MikeAxtell / ShortStack

ShortStack: Comprehensive annotation and quantification of small RNA genes
MIT License
88 stars 29 forks source link

Problems with shortstack output interpretations #102

Closed RubioB closed 1 year ago

RubioB commented 3 years ago

Hi !

I am a little confused concernaning the results obtained with shortstack.

To sum up, I work with two conditions and in each of them I have three biological replicates.

I firts performed an analysis under shortstack independently for each condition which allowad me to obtain the populations of smallRNA in each of the two conditions. In order to compare the populations of smallRNAs between my two conditions, I looked for the overlaps between clusters of the two analyzes (with bedIntersect). Thus, I identified 70% of clusters with overlap between the two conditions and so 30% clusters that were specific to each condition.

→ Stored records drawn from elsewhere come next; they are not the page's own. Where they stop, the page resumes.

(* There exists $\epsilon_0>0$ such that, for all sufficiently large $a$ and all $\tau\in[0,1]$, every solution $(c,\mu)$ of the slab problem $P_{\tau,a}$ with $c=0$ satisfies $\nu(0)>\epsilon_0$.
   Context: $\Theta=(\theta_{\min},\theta_{\max})$, $0<\theta_{\min}<\theta_{\max}<\infty$, $|\Theta|=\theta_{\max}-\theta_{\min}$, $\alpha,r>0$. For $\tau\in[0,1]$, $g_\tau(\theta)=\theta_{\min}+\tau(\theta-\theta_{\min})$. Slab problem $P_{\tau,a}$: a pair $(c,\mu)$, $c\in\mathbb R$, $\mu\ge0$ of class $C^2$ on $[-a,a]\times\overline\Theta$, with $-c\mu_\xi-g_\tau(\theta)\mu_{\xi\xi}-\alpha\mu_{\theta\theta}=r\mu(1-\nu)$ on $(-a,a)\times\Theta$, $\mu_\theta(\xi,\theta_{\min})=\mu_\theta(\xi,\theta_{\max})=0$, $\mu(-a,\theta)=|\Theta|^{-1}$, $\mu(a,\theta)=0$, where $\nu(\xi)=\int_\Theta\mu(\xi,\theta)d\theta$. *)

From Stdlib Require Import Reals Lra.
Open Scope R_scope.

Definition g_tau (thmin tau th : R) : R := thmin + tau * (th - thmin).

Definition in_closed_rect (a thmin thmax x t : R) : Prop :=
  -a <= x <= a /\ thmin <= t <= thmax.

Definition in_open_rect (a thmin thmax x t : R) : Prop :=
  -a < x < a /\ thmin < t < thmax.

Definition cont_on_rect (a thmin thmax : R) (f : R -> R -> R) : Prop :=
  forall x t, in_closed_rect a thmin thmax x t ->
  forall eps, 0 < eps -> exists delta, 0 < delta /\
    forall y s, in_closed_rect a thmin thmax y s ->
      Rabs (y - x) < delta -> Rabs (s - t) < delta ->
      Rabs (f y s - f x t) < eps.

(* mu is C^2 on [-a,a] x [thmin,thmax], with first partials mu_x, mu_t and
   second partials mu_xx, mu_xt (= d/dtheta of mu_x), mu_tx (= d/dxi of mu_t),
   mu_tt: the partials exist in the open rectangle and, together with mu,
   extend continuously to the closed rectangle (these extensions are the
   given functions). *)
Definition C2_on_rect (a thmin thmax : R)
  (mu mu_x mu_t mu_xx mu_xt mu_tx mu_tt : R -> R -> R) : Prop :=
  (forall x t, in_open_rect a thmin thmax x t ->
     derivable_pt_lim (fun y => mu y t) x (mu_x x t) /\
     derivable_pt_lim (fun s => mu x s) t (mu_t x t) /\
     derivable_pt_lim (fun y => mu_x y t) x (mu_xx x t) /\
     derivable_pt_lim (fun s => mu_x x s) t (mu_xt x t) /\
     derivable_pt_lim (fun y => mu_t y t) x (mu_tx x t) /\
     derivable_pt_lim (fun s => mu_t x s) t (mu_tt x t)) /\
  cont_on_rect a thmin thmax mu /\
  cont_on_rect a thmin thmax mu_x /\ cont_on_rect a thmin thmax mu_t /\
  cont_on_rect a thmin thmax mu_xx /\ cont_on_rect a thmin thmax mu_xt /\
  cont_on_rect a thmin thmax mu_tx /\ cont_on_rect a thmin thmax mu_tt.

Definition slab_solution (thmin thmax alpha r tau a c : R)
  (mu mu_x mu_t mu_xx mu_xt mu_tx mu_tt : R -> R -> R) (nu : R -> R) : Prop :=
  C2_on_rect a thmin thmax mu mu_x mu_t mu_xx mu_xt mu_tx mu_tt /\
  (forall x t, in_closed_rect a thmin thmax x t -> 0 <= mu x t) /\
  (forall x, -a <= x <= a ->
     forall pr : Riemann_integrable (fun t => mu x t) thmin thmax,
       nu x = RiemannInt pr) /\
  (forall x t, in_open_rect a thmin thmax x t ->
     - c * mu_x x t - g_tau thmin tau t * mu_xx x t - alpha * mu_tt x t
       = r * mu x t * (1 - nu x)) /\
  (forall x, -a <= x <= a -> mu_t x thmin = 0 /\ mu_t x thmax = 0) /\
  (forall t, thmin <= t <= thmax ->
     mu (-a) t = / (thmax - thmin) /\ mu a t = 0).

From Stdlib Require Import Reals Lra Classical ClassicalEpsilon.
From Coquelicot Require Import Coquelicot.
Open Scope R_scope.

(* Put w(ξ) = ∫_Θ g_τ(θ) μ(ξ, θ) dθ.  Integrating the equation (c = 0)
   over Θ and using the Neumann conditions gives  -w'' = r ν (1 - ν), and
   θ_min ν <= w <= θ_max ν.  Hence w is concave wherever w < θ_min (there
   ν < 1), while w(-a) >= θ_min and w(a) = 0.  A maximum-principle comparison
   with the convex parabola θ_min (a - ξ)^2 / (4 a^2) yields w(0) >= θ_min / 4,
   so ν(0) >= θ_min / (4 θ_max) > ε0.  No derivative of w is ever formed: the
   concavity is expressed through second differences, obtained by integrating
   a pointwise Taylor bound on μ(·, θ) against g_τ. *)

Definition relcont (lo hi : R) (f : R -> R) : Prop :=
  forall z, lo <= z <= hi -> forall eps, 0 < eps -> exists d, 0 < d /\
    forall y, lo <= y <= hi -> Rabs (y - z) < d -> Rabs (f y - f z) < eps.

(* The retraction of R onto [lo, hi]; composing with it turns relative
   continuity on [lo, hi] into continuity on all of R. *)
Definition clamp (lo hi t : R) : R := Rmax lo (Rmin hi t).

Lemma clamp_in (lo hi t : R) : lo <= hi -> lo <= clamp lo hi t <= hi.
Proof. intros; unfold clamp, Rmax, Rmin; repeat destruct Rle_dec; lra. Qed.

Lemma clamp_id (lo hi t : R) : lo <= t <= hi -> clamp lo hi t = t.
Proof. intros; unfold clamp, Rmax, Rmin; repeat destruct Rle_dec; lra. Qed.

Lemma clamp_lip (lo hi y z : R) : lo <= hi ->
  Rabs (clamp lo hi y - clamp lo hi z) <= Rabs (y - z).
Proof.
  intros; unfold clamp, Rmax, Rmin; repeat destruct Rle_dec;
  unfold Rabs; repeat destruct Rcase_abs; lra.
Qed.

Lemma relcont_clamp (lo hi : R) (f : R -> R) : lo <= hi -> relcont lo hi f ->
  forall z, continuity_pt (fun t => f (clamp lo hi t)) z.
Proof.
  intros Hlh Hf z eps Heps.
  destruct (Hf (clamp lo hi z) (clamp_in lo hi z Hlh) eps Heps) as [d [Hd Hclose]].
  exists d; split; [exact Hd|].
  intros y [_ Hy]; simpl in *; unfold Rdist in *.
  apply Hclose; [apply clamp_in; exact Hlh|].
  eapply Rle_lt_trans; [apply clamp_lip; exact Hlh | exact Hy].
Qed.

Lemma relcont_of_continuity (lo hi : R) (f : R -> R) :
  (forall z, continuity_pt f z) -> relcont lo hi f.
Proof.
  intros Hf z _ eps Heps.
  destruct (Hf z eps Heps) as [d [Hd Hclose]].
  exists d; split; [exact Hd|]; intros y _ Hyz.
  destruct (Req_dec y z) as [->|Hne].
  - rewrite Rminus_eq_0, Rabs_R0; exact Heps.
  - exact (Hclose y (conj (conj I (not_eq_sym Hne)) Hyz)).
Qed.

Lemma clamp_continuous_ex_RInt (lo hi : R) (F : R -> R) : lo <= hi ->
  (forall z, continuity_pt (fun t => F (clamp lo hi t)) z) -> ex_RInt F lo hi.
Proof.
  intros Hlh HF.
  apply ex_RInt_ext with (f := fun t => F (clamp lo hi t)).
  - intros t Ht; rewrite Rmin_left, Rmax_right in Ht by lra.
    rewrite clamp_id; lra.
  - apply (ex_RInt_continuous (V := R_CompleteNormedModule)); intros z _.
    apply continuity_pt_filterlim, HF.
Qed.

Lemma relcont_ex_RInt (lo hi : R) (f : R -> R) : lo <= hi -> relcont lo hi f -> ex_RInt f lo hi.
Proof. intros; apply clamp_continuous_ex_RInt, relcont_clamp; auto. Qed.

Lemma relcont_mult_ex_RInt (lo hi : R) (f g : R -> R) :
  lo <= hi -> relcont lo hi f -> relcont lo hi g ->
  ex_RInt (fun t => f t * g t) lo hi.
Proof.
  intros; apply clamp_continuous_ex_RInt; [assumption|]; intros z.
  apply (continuity_pt_mult (fun t => f (clamp lo hi t)) (fun t => g (clamp lo hi t)));
    apply relcont_clamp; assumption.
Qed.

Lemma RInt_plus_R (f g : R -> R) (lo hi : R) : ex_RInt f lo hi -> ex_RInt g lo hi ->
  RInt (fun t => f t + g t) lo hi = RInt f lo hi + RInt g lo hi.
Proof. exact (RInt_plus f g lo hi). Qed.

Lemma RInt_minus_R (f g : R -> R) (lo hi : R) : ex_RInt f lo hi -> ex_RInt g lo hi ->
  RInt (fun t => f t - g t) lo hi = RInt f lo hi - RInt g lo hi.
Proof. exact (RInt_minus f g lo hi). Qed.

Lemma RInt_scal_R (f : R -> R) (k lo hi : R) : ex_RInt f lo hi ->
  RInt (fun t => k * f t) lo hi = k * RInt f lo hi.
Proof. exact (RInt_scal f lo hi k). Qed.

Lemma RInt_const_R (k lo hi : R) : RInt (fun _ => k) lo hi = (hi - lo) * k.
Proof. exact (RInt_const lo hi k). Qed.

At the same time, I wanted to see if there were any expression differentials of smallRNA between my two conditions so I restarted an analysis under shortstack this time by analyzing the two conditions together. I then performed an analysis in DESEQ2 and it turned out that I only had a single cluster which was differentially expressed between my two conditions.

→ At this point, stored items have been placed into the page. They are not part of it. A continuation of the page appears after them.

Lemma cycle4E : [/\ cycle4 a = b, cycle4 b = c, cycle4 c = d & cycle4 d = a].
Proof.
case/and3P: abcd_neq => /and3P[ab ac ad] /andP[bc bd] cd.
have F (x y : T) : x != y -> ((x == y) = false) * ((y == x) = false).
  by move=> /negbTE xy; rewrite [y == x]eq_sym xy.
rewrite !permM !permE /=.
by rewrite ?(F _ _ ab, F _ _ ac, F _ _ ad, F _ _ bc, F _ _ bd, F _ _ cd, eqxx) /=.
Qed.

Lemma cycle4_id k : k \notin [:: a; b; c; d] -> cycle4 k = k.
Proof.
rewrite !inE !negb_or => /and4P[ka kb kc kd].
by rewrite !permM !tpermD // eq_sym.
Qed.

Lemma odd_cycle4 : odd_perm cycle4.
Proof.
case/and3P: abcd_neq => /and3P[ab _ _] /andP[bc _] cd.
by rewrite !odd_permM !odd_tperm ab bc cd.
Qed.

End Cycle4.

Lemma cycle4V (T : finType) (a b c d : T) :
  uniq [:: a; b; c; d] -> ((cycle4 a b c d)^-1)%g = cycle4 a d c b.
Proof.
move=> abcd; have [ab bc cd da] := cycle4E abcd.
have rev_bcd : perm_eq [:: a; b; c; d] [:: a; d; c; b].
  by rewrite perm_cons -[[:: d; c; b]]/(rev [:: b; c; d]) perm_sym perm_rev.
have [ad dc cb ba] := cycle4E (etrans (esym (perm_uniq rev_bcd)) abcd).
apply/eqP; rewrite eq_invg_mul; apply/eqP/permP => k; rewrite permM perm1.
have [kabcd|kN] := boolP (k \in [:: a; b; c; d]); last first.
  by rewrite !cycle4_id // -(perm_mem rev_bcd).
by move: kabcd; rewrite !inE => /or4P[] /eqP->; rewrite ?ab ?ad ?bc ?ba ?cd ?cb ?da ?dc.
Qed.

Section SignedSums.
Local Open Scope ring_scope.

Lemma det_bool_mx (R : comPzRingType) n (adj : rel 'I_n) :
  \det (\matrix_(i, j) (adj i j)%:R : 'M[R]_n) =
  \sum_(s : 'S_n | [forall i, adj i (s i)]) (-1) ^+ s.
Proof.
rewrite /determinant [RHS]big_mkcond /=; apply: eq_bigr => s _.
case: (boolP [forall i, adj i (s i)]) => [/forallP adj_s | /forallPn[i not_adj]].
  by rewrite big1 ?mulr1 // => i _; rewrite mxE adj_s.
by rewrite (bigD1 i) //= mxE (negbTE not_adj) mul0r mulr0.
Qed.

Looking at the results obtained between the two analyses, I don't understand how I can find 'only' 70% of overlaps between my clusters whereas when performing analysis under DESEQ2 there is only one differentially expressed cluster ?

Can you give me your opinion on these analyzes and results ? Maybe the are elements in my approach that are not right ?

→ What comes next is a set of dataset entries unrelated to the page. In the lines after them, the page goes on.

(* Fix subgroups $s\neq s'$ in $\mathcal S$, a cohort $g\in\{1,\dots,\mathcal T\}$ and a period $t$ with $g\le t\le\mathcal T$. Assume $\mathbb E|Y_\tau(g';\sigma)|<\infty$ for all $\tau,g',\sigma$, and that $P(G=g,S=\sigma)>0$ for $\sigma\in\{s,s'\}$. (a) (Not-yet-treated comparison.) Suppose $P(G>t,S=\sigma)>0$ for $\sigma\in\{s,s'\}$, and: (i) (No anticipation) for every finite cohort $g'$, every $\tau<g'$ and every $\sigma\in\mathcal S$ with $P(G=g',S=\sigma)>0$: $\mathbb E[Y_\tau(g')\mid G=g',S=\sigma]=\mathbb E[Y_\tau(\infty)\mid G=g',S=\sigma]$; (ii) (Parallel gaps, not-yet-treated) $$\mathbb E[Y_t(\infty)-Y_{g-1}(\infty)\mid G=g,S=s]-\mathbb E[Y_t(\infty)-Y_{g-1}(\infty)\mid G=g,S=s']$$ $$=\mathbb E[Y_t(\infty)-Y_{g-1}(\infty)\mid G>t,S=s]-\mathbb E[Y_t(\infty)-Y_{g-1}(\infty)\mid G>t,S=s'].$$ Then $$DATT_{s-s'}(g,t)=\mathbb E[Y_t-Y_{g-1}\mid G=g,S=s]-\mathbb E[Y_t-Y_{g-1}\mid G=g,S=s']-\Big(\mathbb E[Y_t-Y_{g-1}\mid G>t,S=s]-\mathbb E[Y_t-Y_{g-1}\mid G>t,S=s']\Big).$$ (b) (Never-treated comparison.) Suppose $P(G=\infty,S=\sigma)>0$ for $\sigma\in\{s,s'\}$, that (i) holds, and that (ii) holds with the events $\{G>t\}$ replaced by $\{G=\infty\}$. Then the same formula holds with $\{G>t\}$ replaced by $\{G=\infty\}$ in the last two conditional expectations.
   Context: Time periods are $t=0,1,\dots,\mathcal T$; $\mathcal S$ is a finite set of subgroups. A unit is described by a random element consisting of: $G\in\{1,\dots,\mathcal T\}\cup\{\infty\}$, the first period in which the unit is treated ($G=\infty$ means never treated; treatment is irreversible, $W_t=\mathbf 1\{G\le t\}$); a subgroup $S\in\mathcal S$; covariates $X$; and real potential outcomes $Y_t(g';\sigma)$ for every period $t$, every possible cohort $g'$ (including $\infty$) and every $\sigma\in\mathcal S$, interpreted as the outcome at $t$ had the unit first been treated at $g'$ and belonged to subgroup $\sigma$. Write $Y_t(g'):=Y_t(g';S)$ and the observed outcome $Y_t:=Y_t(G;S)$. Units are i.i.d. draws (panel data: all $Y_0,\dots,Y_{\mathcal T}$ observed for each unit). The not-yet-treated units at period $t$ are those with $G>t$ (this includes $G=\infty$). Define $$DATT_{s-s'}(g,t):=\mathbb E[Y_t(g)-Y_t(\infty)\mid G=g,S=s]-\mathbb E[Y_t(g)-Y_t(\infty)\mid G=g,S=s'].$$ *)

From HB Require Import structures.
From mathcomp Require Import all_boot all_order all_algebra.
From mathcomp Require Import all_classical all_reals all_analysis.
Set Implicit Arguments. Unset Strict Implicit. Unset Printing Implicit Defensive.
Import Order.TTheory GRing.Theory Num.Theory.
Local Open Scope classical_set_scope.
Local Open Scope ring_scope.

(* Cohorts: [Some g] = first treated in period g, [None] = never treated (G = oo). *)
Notation cohort := (option nat).

Definition cohort_gt (t : nat) (c : cohort) : bool :=
  if c is Some k then (t < k)%N else true.

Definition condE {d} {T : measurableType d} {R : realType}
  (P : probability T R) (A : set T) (X : T -> R) : R :=
  Rintegral P A X / fine (P A).

From HB Require Import structures.
From mathcomp Require Import all_boot all_order all_algebra.
From mathcomp Require Import all_classical all_reals all_analysis.
From mathcomp Require Import measurable_realfun ring lra zify.
Set Implicit Arguments. Unset Strict Implicit. Unset Printing Implicit Defensive.
Import Order.TTheory GRing.Theory Num.Theory.
Local Open Scope classical_set_scope.
Local Open Scope ring_scope.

Thank you in advance for your reply !

Bernadette

MikeAxtell commented 3 years ago

Hi Bernadette, thanks for your question!

I think this is about what I would expect. Differential expression is a completely different protocol compared to ShortStack's cluster definition methods. Differential expression by DESeq2 makes a general linear model to approximate the within-condition variation, based on the biological reps. If the reps are noisy, and especially for lowly expressed clusters, you'll never get a significant diff exp. call.

On the other hand, ShortStack discovers clusters by a simple cutoff of peak abundance. Clusters that are inherently lowly expressed will likely be, at random, just above or just below the threshold in any given grouping of reads. In other words, just because 30% of the clusters weren't found in both conditions by ShortStack does not by itself prove with mathematical certainty that they are diff expressed.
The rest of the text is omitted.